### Your task
Reproduce the entries exactly. Omit none of them.

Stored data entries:
********
(* Let $G$ be a finite simple graph without isolated vertices and let $d\ge 2$ be an integer. Then Dom has a winning strategy in the $(d:1)$-game played on $G$ (whichever player starts).
   Context: For a vertex $v$, $N[v]$ is its closed neighborhood. Colors are $p$ (purple) and $b$ (blue); $V_p,V_b$ denote the current sets of vertices of each color. A single coloring step (by either player, who may use either color) consists of choosing a vertex $v$ and a color $c$ such that (i) $v$ is uncolored and (ii) some $u\in N[v]$ satisfies $N[u]\cap V_c=\emptyset$ (evaluated just before this step); then $v$ gets color $c$. In the $(d:s)$-game, Dom and Sepy take turns; in each of his turns Dom sequentially performs exactly $d$ such coloring steps (or fewer only when fewer legal steps remain), and in each of his turns Sepy performs at most $s$ such steps (he may also pass). The game terminates as soon as either (s* ) some vertex $v$ has $N[v]\subseteq V_p$ or $N[v]\subseteq V_b$ — Sepy wins; or (d* ) both $V_p$ and $V_b$ are dominating sets of $G$ — Dom wins. *)

From mathcomp Require Import all_boot.
Set Implicit Arguments. Unset Strict Implicit. Unset Printing Implicit Defensive.

(* A finite simple graph: vertex type T : finType, adjacency e : rel T
   (assumed symmetric and irreflexive in the theorem).
   A game state is the pair (V_p, V_b) of purple / blue vertex sets.
   Colours: true = purple (p), false = blue (b). *)

Definition state (T : finType) := ({set T} * {set T})%type.

Definition cnbhd (T : finType) (e : rel T) (v : T) : {set T} :=
  [set u | (u == v) || e v u].
Lemma RInt_cos_mul_cos_add_sin (x : R) :
  RInt (fun t => cos (x * cos t + x * sin t)) 0 (PI / 2) =
  RInt (fun t => cos (sqrt 2 * x * cos t)) (- (PI / 4)) (PI / 4).
Proof.
  rewrite <- (RInt_ext (fun t => cos (sqrt 2 * x * cos (t + - (PI / 4))))).
  - rewrite (RInt_comp_shift (fun t => cos (sqrt 2 * x * cos t)))
      by apply continuous_cos_mul_cos.
    f_equal; field.
  - intros t _; f_equal.
    rewrite cos_plus, cos_neg, sin_neg, cos_PI4, sin_PI4.
    field; apply sqrt2_neq_0.
Qed.

Lemma RInt_cos_mul_cos_sub_sin (x : R) :
  RInt (fun t => cos (x * cos t - x * sin t)) 0 (PI / 2) =
  RInt (fun t => cos (sqrt 2 * x * cos t)) (PI / 4) (3 * (PI / 4)).
Proof.
  rewrite <- (RInt_ext (fun t => cos (sqrt 2 * x * cos (t + PI / 4)))).
  - rewrite (RInt_comp_shift (fun t => cos (sqrt 2 * x * cos t)))
      by apply continuous_cos_mul_cos.
    f_equal; field.
  - intros t _; f_equal.
    rewrite cos_plus, cos_PI4, sin_PI4.
    field; apply sqrt2_neq_0.
Qed.

Lemma one_sub_cos_mul_one_sub_cos (a b : R) :
  (1 - cos a) * (1 - cos b) = 1 - cos a - cos b + (cos (a + b) + cos (a - b)) / 2.
Proof. rewrite cos_plus, cos_minus; field. Qed.
Lemma hipC A B : (hip A B)^* = hip B A.
Proof.
rewrite !hipE rmorph_sum; apply: eq_bigr => i _; rewrite rmorph_sum.
by apply: eq_bigr => j _; rewrite rmorphM /= conjCK mulrC.
Qed.

Lemma hipDl A B Z : hip (A + B) Z = hip A Z + hip B Z.
Proof. by rewrite /hip mulmxDl mxtraceD. Qed.

Lemma hipZl k A Z : hip (k *: A) Z = k * hip A Z.
Proof. by rewrite /hip -scalemxAl mxtraceZ. Qed.

Lemma hipNl A Z : hip (- A) Z = - hip A Z.
Proof. by rewrite -scaleN1r hipZl mulN1r. Qed.

Lemma hipBl A B Z : hip (A - B) Z = hip A Z - hip B Z.
Proof. by rewrite hipDl hipNl. Qed.

Lemma hip0l Z : hip 0 Z = 0.
Proof. by rewrite -(scale0r 0) hipZl mul0r. Qed.

Lemma hip_suml I r (P : pred I) (F : I -> M) Z :
  hip (\sum_(i <- r | P i) F i) Z = \sum_(i <- r | P i) hip (F i) Z.
Proof.
by apply: (big_morph (fun A => hip A Z)) => [A B|]; rewrite ?hipDl ?hip0l.
Qed.

Lemma hipDr A B Z : hip Z (A + B) = hip Z A + hip Z B.
Proof. by rewrite -[LHS]hipC hipDl rmorphD /= !hipC. Qed.

Lemma hipZr k A Z : hip Z (k *: A) = k^* * hip Z A.
Proof. by rewrite -[LHS]hipC hipZl rmorphM /= !hipC. Qed.

Lemma hipNr A Z : hip Z (- A) = - hip Z A.
Proof. by rewrite -[LHS]hipC hipNl rmorphN /= hipC. Qed.

Lemma hipBr A B Z : hip Z (A - B) = hip Z A - hip Z B.
Proof. by rewrite hipDr hipNr. Qed.

Lemma hip0r Z : hip Z 0 = 0.
Proof. by rewrite -[LHS]hipC hip0l conjC0. Qed.

Lemma hip_mulmxl A B Z : hip (A *m B) Z = hip B (adjmx A *m Z).
Proof. by rewrite /hip adjmxM adjmxK -mulmxA mxtrace_mulC !mulmxA. Qed.

Lemma hip_mulmxr A B Z : hip (A *m B) Z = hip A (Z *m adjmx B).
Proof. by rewrite /hip adjmxM adjmxK mulmxA. Qed.

Lemma hip_adjmx A B : hip (adjmx A) B = hip (adjmx B) A.
Proof. by rewrite /hip mxtrace_mulC. Qed.

Lemma hip_delta (a b : 'I_n.+1) B : hip (delta_mx a b) B = (B a b)^*.
Proof. by rewrite /hip mxtrace_mulC mxtrace_mulmx_delta adjmxE. Qed.

Lemma hip1l B : hip 1%:M B = (\tr B)^*.
Proof. by rewrite /hip mul1mx mxtrace_adjmx. Qed.

Lemma adjmx_lie A B : adjmx (lie A B) = lie (adjmx B) (adjmx A).
Proof. by rewrite /lie adjmxB !adjmxM. Qed.

Lemma lie_anti A B : lie B A = - lie A B.
Proof. by rewrite /lie opprB. Qed.

Lemma mxtrace_lie A B : \tr (lie A B) = 0.
Proof. by rewrite /lie linearB /= mxtrace_mulC subrr. Qed.

Lemma mxtrace_lie_mulmx A B K : \tr (lie A B *m K) = \tr (B *m lie K A).
Proof.
rewrite /lie mulmxBl mulmxBr !raddfB /= -!mulmxA; congr (_ - _).
by rewrite mxtrace_mulC -mulmxA.
Qed.

Lemma hip_liel A B Z : hip (lie A B) Z = hip B (lie (adjmx A) Z).
Proof. by rewrite /lie hipBl hip_mulmxl hip_mulmxr hipBr. Qed.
********
### Exercise response
(* Let $G$ be a finite simple graph without isolated vertices and let $d\ge 2$ be an integer. Then Dom has a winning strategy in the $(d:1)$-game played on $G$ (whichever player starts).
   Context: For a vertex $v$, $N[v]$ is its closed neighborhood. Colors are $p$ (purple) and $b$ (blue); $V_p,V_b$ denote the current sets of vertices of each color. A single coloring step (by either player, who may use either color) consists of choosing a vertex $v$ and a color $c$ such that (i) $v$ is uncolored and (ii) some $u\in N[v]$ satisfies $N[u]\cap V_c=\emptyset$ (evaluated just before this step); then $v$ gets color $c$. In the $(d:s)$-game, Dom and Sepy take turns; in each of his turns Dom sequentially performs exactly $d$ such coloring steps (or fewer only when fewer legal steps remain), and in each of his turns Sepy performs at most $s$ such steps (he may also pass). The game terminates as soon as either (s* ) some vertex $v$ has $N[v]\subseteq V_p$ or $N[v]\subseteq V_b$ — Sepy wins; or (d* ) both $V_p$ and $V_b$ are dominating sets of $G$ — Dom wins. *)

From mathcomp Require Import all_boot.
Set Implicit Arguments. Unset Strict Implicit. Unset Printing Implicit Defensive.

(* A finite simple graph: vertex type T : finType, adjacency e : rel T
   (assumed symmetric and irreflexive in the theorem).
   A game state is the pair (V_p, V_b) of purple / blue vertex sets.
   Colours: true = purple (p), false = blue (b). *)

Definition state (T : finType) := ({set T} * {set T})%type.

Definition cnbhd (T : finType) (e : rel T) (v : T) : {set T} :=
  [set u | (u == v) || e v u].
Lemma RInt_cos_mul_cos_add_sin (x : R) :
  RInt (fun t => cos (x * cos t + x * sin t)) 0 (PI / 2) =
  RInt (fun t => cos (sqrt 2 * x * cos t)) (- (PI / 4)) (PI / 4).
Proof.
  rewrite <- (RInt_ext (fun t => cos (sqrt 2 * x * cos (t + - (PI / 4))))).
  - rewrite (RInt_comp_shift (fun t => cos (sqrt 2 * x * cos t)))
      by apply continuous_cos_mul_cos.
    f_equal; field.
  - intros t _; f_equal.
    rewrite cos_plus, cos_neg, sin_neg, cos_PI4, sin_PI4.
    field; apply sqrt2_neq_0.
Qed.

Lemma RInt_cos_mul_cos_sub_sin (x : R) :
  RInt (fun t => cos (x * cos t - x * sin t)) 0 (PI / 2) =
  RInt (fun t => cos (sqrt 2 * x * cos t)) (PI / 4) (3 * (PI / 4)).
Proof.
  rewrite <- (RInt_ext (fun t => cos (sqrt 2 * x * cos (t + PI / 4)))).
  - rewrite (RInt_comp_shift (fun t => cos (sqrt 2 * x * cos t)))
      by apply continuous_cos_mul_cos.
    f_equal; field.
  - intros t _; f_equal.
    rewrite cos_plus, cos_PI4, sin_PI4.
    field; apply sqrt2_neq_0.
Qed.

Lemma one_sub_cos_mul_one_sub_cos (a b : R) :
  (1 - cos a) * (1 - cos b) = 1 - cos a - cos b + (cos (a + b) + cos (a - b)) / 2.
Proof. rewrite cos_plus, cos_minus; field. Qed.
Lemma hipC A B : (hip A B)^* = hip B A.
Proof.
rewrite !hipE rmorph_sum; apply: eq_bigr => i _; rewrite rmorph_sum.
by apply: eq_bigr => j _; rewrite rmorphM /= conjCK mulrC.
Qed.

Lemma hipDl A B Z : hip (A + B) Z = hip A Z + hip B Z.
Proof. by rewrite /hip mulmxDl mxtraceD. Qed.

Lemma hipZl k A Z : hip (k *: A) Z = k * hip A Z.
Proof. by rewrite /hip -scalemxAl mxtraceZ. Qed.

Lemma hipNl A Z : hip (- A) Z = - hip A Z.
Proof. by rewrite -scaleN1r hipZl mulN1r. Qed.

Lemma hipBl A B Z : hip (A - B) Z = hip A Z - hip B Z.
Proof. by rewrite hipDl hipNl. Qed.

Lemma hip0l Z : hip 0 Z = 0.
Proof. by rewrite -(scale0r 0) hipZl mul0r. Qed.

Lemma hip_suml I r (P : pred I) (F : I -> M) Z :
  hip (\sum_(i <- r | P i) F i) Z = \sum_(i <- r | P i) hip (F i) Z.
Proof.
by apply: (big_morph (fun A => hip A Z)) => [A B|]; rewrite ?hipDl ?hip0l.
Qed.

Lemma hipDr A B Z : hip Z (A + B) = hip Z A + hip Z B.
Proof. by rewrite -[LHS]hipC hipDl rmorphD /= !hipC. Qed.

Lemma hipZr k A Z : hip Z (k *: A) = k^* * hip Z A.
Proof. by rewrite -[LHS]hipC hipZl rmorphM /= !hipC. Qed.

Lemma hipNr A Z : hip Z (- A) = - hip Z A.
Proof. by rewrite -[LHS]hipC hipNl rmorphN /= hipC. Qed.

Lemma hipBr A B Z : hip Z (A - B) = hip Z A - hip Z B.
Proof. by rewrite hipDr hipNr. Qed.

Lemma hip0r Z : hip Z 0 = 0.
Proof. by rewrite -[LHS]hipC hip0l conjC0. Qed.

Lemma hip_mulmxl A B Z : hip (A *m B) Z = hip B (adjmx A *m Z).
Proof. by rewrite /hip adjmxM adjmxK -mulmxA mxtrace_mulC !mulmxA. Qed.

Lemma hip_mulmxr A B Z : hip (A *m B) Z = hip A (Z *m adjmx B).
Proof. by rewrite /hip adjmxM adjmxK mulmxA. Qed.

Lemma hip_adjmx A B : hip (adjmx A) B = hip (adjmx B) A.
Proof. by rewrite /hip mxtrace_mulC. Qed.

Lemma hip_delta (a b : 'I_n.+1) B : hip (delta_mx a b) B = (B a b)^*.
Proof. by rewrite /hip mxtrace_mulC mxtrace_mulmx_delta adjmxE. Qed.

Lemma hip1l B : hip 1%:M B = (\tr B)^*.
Proof. by rewrite /hip mul1mx mxtrace_adjmx. Qed.

Lemma adjmx_lie A B : adjmx (lie A B) = lie (adjmx B) (adjmx A).
Proof. by rewrite /lie adjmxB !adjmxM. Qed.

Lemma lie_anti A B : lie B A = - lie A B.
Proof. by rewrite /lie opprB. Qed.

Lemma mxtrace_lie A B : \tr (lie A B) = 0.
Proof. by rewrite /lie linearB /= mxtrace_mulC subrr. Qed.

Lemma mxtrace_lie_mulmx A B K : \tr (lie A B *m K) = \tr (B *m lie K A).
Proof.
rewrite /lie mulmxBl mulmxBr !raddfB /= -!mulmxA; congr (_ - _).
by rewrite mxtrace_mulC -mulmxA.
Qed.

Lemma hip_liel A B Z : hip (lie A B) Z = hip B (lie (adjmx A) Z).
Proof. by rewrite /lie hipBl hip_mulmxl hip_mulmxr hipBr. Qed.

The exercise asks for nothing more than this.